А ведь Кадыркул чуть-чуть не убил Буйнак. Еще раньше. Тогда топором хотел зарубить, а в этот раз чуть не задушил. Зато теперь Буйнак долго жить будет. Бабушка говорит: кто дважды избежал смерти, тому долгая жизнь суждена.
Вот и хорошо. Мы с Буйнак и дальше за тополиную рощу будем бороться. Берегись, Кадыркул-Насфуруш. Ни одно деревцо не дадим в обиду.
А вдруг Кадыркул помрет от того, что я его камнем по башке треснул? Меня в тюрьму посадят? Наверное, посадят. Буйнак что? Собак не сажают. А потом, ведь это я его в ручей столкнул…
Нет, не помрет Кадыркул. Не должен. Отец считает, что дурные люди не умирают. Кадыркула самого давно надо бы в тюрьму посадить за его проделки! А бабушка почему-то говорит, что на его кошку никто и шикнуть не смеет… Ну, ничего, вот брат из армии придет!
Недавно отец с мамой ему письмо отправили. Написали, что к тому времени, когда он вернется, может, совхоз нам машину выделит. И чтобы он на шофера выучился. Станет нас возить всюду.
Я, когда вырасту, тоже машину водить буду.

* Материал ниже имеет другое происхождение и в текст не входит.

Definition two_deep_branches (V : finType) (par : V -> V) (dep : V -> nat) : bool :=
  [exists a, exists b, [&& dep a == height dep, dep b == height dep
                         & branch par dep a != branch par dep b]].

Definition diam_bound (V : finType) (par : V -> V) (dep : V -> nat) : nat :=
  if two_deep_branches par dep then (height dep).*2 else (height dep).*2.-1.

Lemma diam_bound_le (V : finType) (par : V -> V) (dep : V -> nat) :
  diam_bound par dep <= (height dep).*2.
Proof. by rewrite /diam_bound; case: ifP => _ //; rewrite leq_pred. Qed.

Lemma diam_bound_ge (V : finType) (par : V -> V) (dep : V -> nat) :
  (height dep).*2.-1 <= diam_bound par dep.
Proof. by rewrite /diam_bound; case: ifP => _ //; rewrite leq_pred. Qed.

Lemma diam_bound_one_branch (V : finType) (par : V -> V) (dep : V -> nat) h b :
  height dep <= h -> (forall x, dep x = h -> branch par dep x = b) ->
  diam_bound par dep <= h.*2.-1.
Proof.
move=> le_h top_b; have [lt_h|ge_h] := ltnP (height dep) h.
  by apply: leq_trans (diam_bound_le _ _) _; rewrite -!muln2; lia.
have eq_h : height dep = h by apply/eqP; rewrite eqn_leq le_h ge_h.
rewrite /diam_bound eq_h; case: ifP => // /existsP [x /existsP [y]].
by rewrite eq_h => /and3P [/eqP/top_b -> /eqP/top_b ->]; rewrite eqxx.
Qed.

Section RootedSpanner.
Variables (V : finType) (e : rel V) (c : V) (par : V -> V) (dep : V -> nat).
Hypothesis rs : rooted_spanner e c par dep.

Lemma rs_par_root : par c = c. Proof. by case: rs. Qed.
Lemma rs_dep_root : dep c = 0. Proof. by case: rs. Qed.
Lemma rs_dep x : x != c -> dep x = (dep (par x)).+1.
Proof. by case: rs => _ _ par_dep _ /par_dep []. Qed.
Lemma rs_edge x : x != c -> e x (par x).
Proof. by case: rs => _ _ par_dep _ /par_dep []. Qed.
Lemma rs_meets x y : e x y -> meets_within par x y 3.
Proof. by case: rs => _ _ _; apply. Qed.

Lemma dep_eq0 x : dep x = 0 -> x = c.
Proof. by have [//|/rs_dep ->] := eqVneq x c. Qed.

Lemma dep_gt0 x : 0 < dep x -> x != c.
Proof. by apply: contraTneq => ->; rewrite rs_dep_root. Qed.

Lemma dep_par x : dep (par x) = (dep x).-1.
Proof.
have [->|x_neq] := eqVneq x c; first by rewrite rs_par_root rs_dep_root.
by rewrite (rs_dep x_neq).
Qed.

Lemma dep_iter k x : dep (iter k par x) = dep x - k.
Proof. by elim: k => [|k IH]; rewrite ?subn0 // iterS dep_par IH subnS. Qed.

Lemma iter_dep_ge x k : dep x <= k -> iter k par x = c.
Proof. by move=> le_k; apply: dep_eq0; rewrite dep_iter; apply/eqP; rewrite subn_eq0. Qed.

Lemma iter_dep x : iter (dep x) par x = c.
Proof. exact: iter_dep_ge. Qed.

Lemma parent_rel_dep x y : parent_rel par x y ->
  (par x = y /\ dep x = (dep y).+1) \/ (par y = x /\ dep y = (dep x).+1).
Proof.
move=> /andP [x_neq_y /orP [/eqP par_x|/eqP par_y]].
- left; split => //; rewrite rs_dep -?par_x //.
  by apply: contra x_neq_y => /eqP x_c; rewrite -par_x x_c rs_par_root.
- right; split => //; rewrite rs_dep -?par_y //.
  by apply: contra x_neq_y => /eqP y_c; rewrite -par_y y_c rs_par_root.
Qed.

Lemma parent_rel_down x y : parent_rel par x y -> dep y <= dep x -> y = par x.
Proof. by move=> /parent_rel_dep [[-> _]|[_ ->]] //; rewrite ltnn. Qed.

(* On a cycle, a vertex of maximal depth would have two distinct neighbours
   that are both its parent. *)
Lemma parent_rel_acyclic : acyclic (parent_rel par).
Proof.
move=> x p uniq_p size_p path_p; apply/negP => closing.
have cyc : cycle (parent_rel par) (x :: p) by rewrite /= rcons_path path_p closing.
have [v v_in v_max] := @arg_maxnP V x [pred y | y \in x :: p] dep (mem_head x p).
have [i q rot_q] := rot_to v_in.
have cyc_q : cycle (parent_rel par) (v :: q) by rewrite -rot_q rot_cycle.
have uniq_q : uniq (v :: q) by rewrite -rot_q rot_uniq.
have size_q : size q = size p by have := congr1 size rot_q; rewrite size_rot => -[].
have q_max y : y \in q -> dep y <= dep v.
  by move=> y_q; apply: v_max; rewrite /= -(mem_rot i) rot_q inE y_q orbT.
clear rot_q; case: q size_q cyc_q uniq_q q_max => [|u [|w q]] size_q;
  try by rewrite -size_q in size_p.
rewrite /= rcons_path => /and3P [e_vu _ /andP [_ e_zv]] /and3P [_ u_notin _] q_max.
set z := last w q in e_zv.
have u_par : u = par v by apply: parent_rel_down e_vu _; apply: q_max; rewrite mem_head.
have z_par : z = par v.
  apply: parent_rel_down; first by rewrite parent_rel_sym.
  by apply: q_max; rewrite inE mem_last orbT.
by move: u_notin; rewrite u_par -z_par mem_last.
Qed.

Lemma parent_rel_connected : connected (parent_rel par).
Proof.
move=> x y; exists (dep x + dep y); apply/dist_le_parent_relP.
by exists (dep x), (dep y); rewrite !iter_dep.
Qed.

Lemma parent_rel_diam : diam_le (parent_rel par) (diam_bound par dep).
Proof.
move=> x y; apply/dist_le_parent_relP.
have dep_x : dep x <= height dep := leq_bigmax x.
have dep_y : dep y <= height dep := leq_bigmax y.
have [le_sum|gt_sum] := leqP (dep x + dep y) (diam_bound par dep).
  by exists (dep x), (dep y); rewrite !iter_dep.
move: gt_sum; rewrite /diam_bound; case: ifP => [_|one_branch]; first by rewrite -!muln2; lia.
rewrite -!muln2 => gt_sum.
have top_x : dep x = height dep by lia.
have top_y : dep y = height dep by lia.
have same : branch par dep x = branch par dep y.
  apply/eqP; apply: contraFT one_branch => diff.
  by apply/existsP; exists x; apply/existsP; exists y; rewrite top_x top_y eqxx diff.
exists (dep x).-1, (dep y).-1; split; first lia.
exact: same.
Qed.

А вот письма писать я пока еще не умею. Зато могу Буйнак нарисовать. Я в то письмо рисунок вложил. А Шербута — так моего брата зовут — в ответном письме попросил, чтобы я ему еще рисунки присылал. Я нарисовал сидящую Буйнак. В следующем письме пошлю обязательно. Я так Шербуту люблю, что иногда от тоски хочется плакать. Скорее бы он приезжал. Я ему тогда все про Насфуруша расскажу. Уж кого-кого, а Шербуту Кадыркул испугается. А что, если ему фотографию показать, на которой Шербута с автоматом в руках снят? Нет, не стоит, пожалуй, Насфуруш, чего доброго, выхватит ее у меня из рук и изорвет.
И тут меня осенило: ружье! Отцовская одностволка! И как я сразу не догадался? Кадыркула надо застрелить. А может, и стрелять не придется, он как увидит меня с ружьем в руках, так за семь гор драпака задаст…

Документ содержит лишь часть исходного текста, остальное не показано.